/---

(* Let $\mathbf A$ be a regular BBL transformation of bandwidth $(p,q)$, and let $z_1,\dots,z_n$ be the distinct nonzero roots of $\det A(w,w^{-1})$ with multiplicities $s_1,\dots,s_n$. Then the space of square-summable solutions of the half-infinite bulk equation is $$\mathcal M_{1,\infty}\cap\mathcal H=\mathcal F_1^-\oplus\mathbf P_{1,\infty}\bigoplus_{\ell:\,|z_\ell|<1}\big(\ker\mathbf A\cap\mathcal T_{z_\ell,s_\ell}\big).$$
   Context: Fix $d\ge1$, $e_m$ the standard basis of $\mathbb C^d$. $\mathcal V^S_d$: doubly infinite sequences $\Psi=\{\psi_j\}_{j\in\mathbb Z}$, $\psi_j\in\mathbb C^d$. A matrix Laurent polynomial of bandwidth $(p,q)$ is $A(w,w^{-1})=\sum_{r=p}^qa_rw^r$, integers $p\le q$, $a_r$ complex $d\times d$, $a_p\ne0\ne a_q$; its BBL transformation is $(\mathbf A\Psi)_j=\sum_ra_r\psi_{j+r}$; $\mathbf T$ is the left shift $(\mathbf T\Psi)_j=\psi_{j+1}$. $\mathbf A$ is regular if $\det(w^{-p}A(w,w^{-1}))$ is not the zero polynomial. $p'=\min(p,0)$, $q'=\max(0,q)$. $\mathcal V_{L,R}$ = sequences with $\psi_j=0$ for $j\notin[L,R]$, $\mathbf P_{L,R}$ zeroes entries outside $[L,R]$ ($L,R$ possibly infinite). $\mathcal M_{1,\infty}=\ker(\mathbf P_{1-p',\infty}\mathbf A|_{\mathcal V_{1,\infty}})$ (the solutions in $\mathcal V_{1,\infty}$ of the bulk equation of the infinite BBT transformation $\mathbf P_{1,\infty}\mathbf A|_{\mathcal V_{1,\infty}}$). $\mathcal F_1^-=\{\Psi\in\mathcal M_{1,\infty}:(\mathbf P_{1,\infty}\mathbf T)^k\Psi=0\text{ for some }k\ge1\}$. For $z\ne0$, $v\ge1$: $\Phi_{z,v}=\{j^{(v-1)}z^{j-v+1}\}_{j\in\mathbb Z}$ with $j^{(0)}=1$, $j^{(k)}=j(j-1)\cdots(j-k+1)$; $\mathcal T_{z,s}=\operatorname{Span}\{\Phi_{z,v}e_m:1\le v\le s,1\le m\le d\}$. $\mathcal H$ is the set of sequences in $\mathcal V_{1,\infty}$ with $\sum_{j\ge1}\|\psi_j\|^2<\infty$. *)

From HB Require Import structures.
From mathcomp Require Import all_boot all_order all_algebra.
Set Implicit Arguments. Unset Strict Implicit. Unset Printing Implicit Defensive.
Import Order.TTheory GRing.Theory Num.Theory.
Local Open Scope ring_scope.

Definition vseq (C : archiClosedFieldType) (d : nat) := int -> 'cV[C]_d.

(* BBL transformation of the Laurent polynomial A(w,w^-1) = sum_{r=p}^q a_r w^r:
   (A Psi)_j = sum_{r=p}^q a_r psi_{j+r}  (p <= q assumed). *)
Definition bbl (C : archiClosedFieldType) (d : nat) (p q : int)
    (a : int -> 'M[C]_d) (psi : vseq C d) : vseq C d :=
  fun j => \sum_(k < (`|q - p|%N).+1) a (p + k%:Z) *m psi (j + (p + k%:Z)).

(* The matrix polynomial w^{-p} A(w,w^{-1}) = sum_{k=0}^{q-p} a_{p+k} w^k,
   and its determinant (a scalar polynomial in w). *)
Definition shifted_symbol_det (C : archiClosedFieldType) (d : nat) (p q : int)
    (a : int -> 'M[C]_d) : {poly C} :=
  \det (\matrix_(i < d, l < d)
          \sum_(k < (`|q - p|%N).+1) (a (p + k%:Z) i l)%:P * 'X^k).

Definition regular (C : archiClosedFieldType) (d : nat) (p q : int)
    (a : int -> 'M[C]_d) : Prop :=
  shifted_symbol_det p q a != 0.

(* z (nonzero) is a root of det A(w,w^{-1}) = w^{dp} det(w^{-p}A(w,w^{-1})),
   with multiplicity s. *)
Definition nonzero_root_of_det (C : archiClosedFieldType) (d : nat) (p q : int)
    (a : int -> 'M[C]_d) (z : C) : Prop :=
  z != 0 /\ root (shifted_symbol_det p q a) z.

Definition root_mult (C : archiClosedFieldType) (d : nat) (p q : int)
    (a : int -> 'M[C]_d) (z : C) : nat :=
  mup z (shifted_symbol_det p q a).

(* Left shift T and truncation P_{L,R} (L,R possibly infinite: we need the
   half-infinite versions P_{L,oo}). *)
Definition shiftT (C : archiClosedFieldType) (d : nat) (psi : vseq C d) : vseq C d :=
  fun j => psi (j + 1).

Definition projLinf (C : archiClosedFieldType) (d : nat) (L : int) (psi : vseq C d)
  : vseq C d := fun j => if L <= j then psi j else 0.

Definition in_V1inf (C : archiClosedFieldType) (d : nat) (psi : vseq C d) : Prop :=
  forall j : int, j < 1 -> psi j = 0.

Definition pprime (p : int) : int := Num.min p 0.

Definition M1inf (C : archiClosedFieldType) (d : nat) (p q : int)
    (a : int -> 'M[C]_d) (psi : vseq C d) : Prop :=
  in_V1inf psi /\ projLinf (1 - pprime p) (bbl p q a psi) = (fun _ => 0).

Definition F1minus (C : archiClosedFieldType) (d : nat) (p q : int)
    (a : int -> 'M[C]_d) (psi : vseq C d) : Prop :=
  M1inf p q a psi /\
  exists k : nat, (1 <= k)%N /\
    iter k (fun phi => projLinf 1 (shiftT phi)) psi = (fun _ => 0).

Definition sqnorm (C : archiClosedFieldType) (d : nat) (v : 'cV[C]_d) : C :=
  \sum_(m < d) `|v m 0| ^+ 2.

(* H: sequences in V_{1,oo} with sum_{j>=1} ||psi_j||^2 < oo (nonnegative terms:
   finiteness of the series = boundedness of the partial sums). *)
Definition in_H (C : archiClosedFieldType) (d : nat) (psi : vseq C d) : Prop :=
  in_V1inf psi /\
  exists M : C, forall N : nat, \sum_(1 <= j < N.+1) sqnorm (psi j%:Z) <= M.

Definition falling (C : archiClosedFieldType) (j : int) (k : nat) : C :=
  \prod_(i < k) ((j - i%:Z)%:~R).

Definition Phi (C : archiClosedFieldType) (z : C) (v : nat) (j : int) : C :=
  falling C j (v.-1) * z ^ (j - v%:Z + 1).

Definition in_T (C : archiClosedFieldType) (d : nat) (z : C) (s : nat)
    (psi : vseq C d) : Prop :=
  exists c : 'I_s -> 'I_d -> C,
    forall j : int,
      psi j = \sum_(v < s) \sum_(m < d) (c v m * Phi z v.+1 j) *: (delta_mx m 0 : 'cV[C]_d).

Definition in_kerA (C : archiClosedFieldType) (d : nat) (p q : int)
    (a : int -> 'M[C]_d) (psi : vseq C d) : Prop :=
  bbl p q a psi = (fun _ => 0).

\---

** Problem to solve **
All of the data needs to be reproduced exactly, with no line missing.

** Result **
(* Let $\mathbf A$ be a regular BBL transformation of bandwidth $(p,q)$, and let $z_1,\dots,z_n$ be the distinct nonzero roots of $\det A(w,w^{-1})$ with multiplicities $s_1,\dots,s_n$. Then the space of square-summable solutions of the half-infinite bulk equation is $$\mathcal M_{1,\infty}\cap\mathcal H=\mathcal F_1^-\oplus\mathbf P_{1,\infty}\bigoplus_{\ell:\,|z_\ell|<1}\big(\ker\mathbf A\cap\mathcal T_{z_\ell,s_\ell}\big).$$
   Context: Fix $d\ge1$, $e_m$ the standard basis of $\mathbb C^d$. $\mathcal V^S_d$: doubly infinite sequences $\Psi=\{\psi_j\}_{j\in\mathbb Z}$, $\psi_j\in\mathbb C^d$. A matrix Laurent polynomial of bandwidth $(p,q)$ is $A(w,w^{-1})=\sum_{r=p}^qa_rw^r$, integers $p\le q$, $a_r$ complex $d\times d$, $a_p\ne0\ne a_q$; its BBL transformation is $(\mathbf A\Psi)_j=\sum_ra_r\psi_{j+r}$; $\mathbf T$ is the left shift $(\mathbf T\Psi)_j=\psi_{j+1}$. $\mathbf A$ is regular if $\det(w^{-p}A(w,w^{-1}))$ is not the zero polynomial. $p'=\min(p,0)$, $q'=\max(0,q)$. $\mathcal V_{L,R}$ = sequences with $\psi_j=0$ for $j\notin[L,R]$, $\mathbf P_{L,R}$ zeroes entries outside $[L,R]$ ($L,R$ possibly infinite). $\mathcal M_{1,\infty}=\ker(\mathbf P_{1-p',\infty}\mathbf A|_{\mathcal V_{1,\infty}})$ (the solutions in $\mathcal V_{1,\infty}$ of the bulk equation of the infinite BBT transformation $\mathbf P_{1,\infty}\mathbf A|_{\mathcal V_{1,\infty}}$). $\mathcal F_1^-=\{\Psi\in\mathcal M_{1,\infty}:(\mathbf P_{1,\infty}\mathbf T)^k\Psi=0\text{ for some }k\ge1\}$. For $z\ne0$, $v\ge1$: $\Phi_{z,v}=\{j^{(v-1)}z^{j-v+1}\}_{j\in\mathbb Z}$ with $j^{(0)}=1$, $j^{(k)}=j(j-1)\cdots(j-k+1)$; $\mathcal T_{z,s}=\operatorname{Span}\{\Phi_{z,v}e_m:1\le v\le s,1\le m\le d\}$. $\mathcal H$ is the set of sequences in $\mathcal V_{1,\infty}$ with $\sum_{j\ge1}\|\psi_j\|^2<\infty$. *)

From HB Require Import structures.
From mathcomp Require Import all_boot all_order all_algebra.
Set Implicit Arguments. Unset Strict Implicit. Unset Printing Implicit Defensive.
Import Order.TTheory GRing.Theory Num.Theory.
Local Open Scope ring_scope.

Definition vseq (C : archiClosedFieldType) (d : nat) := int -> 'cV[C]_d.

(* BBL transformation of the Laurent polynomial A(w,w^-1) = sum_{r=p}^q a_r w^r:
   (A Psi)_j = sum_{r=p}^q a_r psi_{j+r}  (p <= q assumed). *)
Definition bbl (C : archiClosedFieldType) (d : nat) (p q : int)
    (a : int -> 'M[C]_d) (psi : vseq C d) : vseq C d :=
  fun j => \sum_(k < (`|q - p|%N).+1) a (p + k%:Z) *m psi (j + (p + k%:Z)).

(* The matrix polynomial w^{-p} A(w,w^{-1}) = sum_{k=0}^{q-p} a_{p+k} w^k,
   and its determinant (a scalar polynomial in w). *)
Definition shifted_symbol_det (C : archiClosedFieldType) (d : nat) (p q : int)
    (a : int -> 'M[C]_d) : {poly C} :=
  \det (\matrix_(i < d, l < d)
          \sum_(k < (`|q - p|%N).+1) (a (p + k%:Z) i l)%:P * 'X^k).

Definition regular (C : archiClosedFieldType) (d : nat) (p q : int)
    (a : int -> 'M[C]_d) : Prop :=
  shifted_symbol_det p q a != 0.

(* z (nonzero) is a root of det A(w,w^{-1}) = w^{dp} det(w^{-p}A(w,w^{-1})),
   with multiplicity s. *)
Definition nonzero_root_of_det (C : archiClosedFieldType) (d : nat) (p q : int)
    (a : int -> 'M[C]_d) (z : C) : Prop :=
  z != 0 /\ root (shifted_symbol_det p q a) z.

Definition root_mult (C : archiClosedFieldType) (d : nat) (p q : int)
    (a : int -> 'M[C]_d) (z : C) : nat :=
  mup z (shifted_symbol_det p q a).

(* Left shift T and truncation P_{L,R} (L,R possibly infinite: we need the
   half-infinite versions P_{L,oo}). *)
Definition shiftT (C : archiClosedFieldType) (d : nat) (psi : vseq C d) : vseq C d :=
  fun j => psi (j + 1).

Definition projLinf (C : archiClosedFieldType) (d : nat) (L : int) (psi : vseq C d)
  : vseq C d := fun j => if L <= j then psi j else 0.

Definition in_V1inf (C : archiClosedFieldType) (d : nat) (psi : vseq C d) : Prop :=
  forall j : int, j < 1 -> psi j = 0.

Definition pprime (p : int) : int := Num.min p 0.

Definition M1inf (C : archiClosedFieldType) (d : nat) (p q : int)
    (a : int -> 'M[C]_d) (psi : vseq C d) : Prop :=
  in_V1inf psi /\ projLinf (1 - pprime p) (bbl p q a psi) = (fun _ => 0).

Definition F1minus (C : archiClosedFieldType) (d : nat) (p q : int)
    (a : int -> 'M[C]_d) (psi : vseq C d) : Prop :=
  M1inf p q a psi /\
  exists k : nat, (1 <= k)%N /\
    iter k (fun phi => projLinf 1 (shiftT phi)) psi = (fun _ => 0).

Definition sqnorm (C : archiClosedFieldType) (d : nat) (v : 'cV[C]_d) : C :=
  \sum_(m < d) `|v m 0| ^+ 2.

(* H: sequences in V_{1,oo} with sum_{j>=1} ||psi_j||^2 < oo (nonnegative terms:
   finiteness of the series = boundedness of the partial sums). *)
Definition in_H (C : archiClosedFieldType) (d : nat) (psi : vseq C d) : Prop :=
  in_V1inf psi /\
  exists M : C, forall N : nat, \sum_(1 <= j < N.+1) sqnorm (psi j%:Z) <= M.

Definition falling (C : archiClosedFieldType) (j : int) (k : nat) : C :=
  \prod_(i < k) ((j - i%:Z)%:~R).

Definition Phi (C : archiClosedFieldType) (z : C) (v : nat) (j : int) : C :=
  falling C j (v.-1) * z ^ (j - v%:Z + 1).

Definition in_T (C : archiClosedFieldType) (d : nat) (z : C) (s : nat)
    (psi : vseq C d) : Prop :=
  exists c : 'I_s -> 'I_d -> C,
    forall j : int,
      psi j = \sum_(v < s) \sum_(m < d) (c v m * Phi z v.+1 j) *: (delta_mx m 0 : 'cV[C]_d).

Definition in_kerA (C : archiClosedFieldType) (d : nat) (p q : int)
    (a : int -> 'M[C]_d) (psi : vseq C d) : Prop :=
  bbl p q a psi = (fun _ => 0).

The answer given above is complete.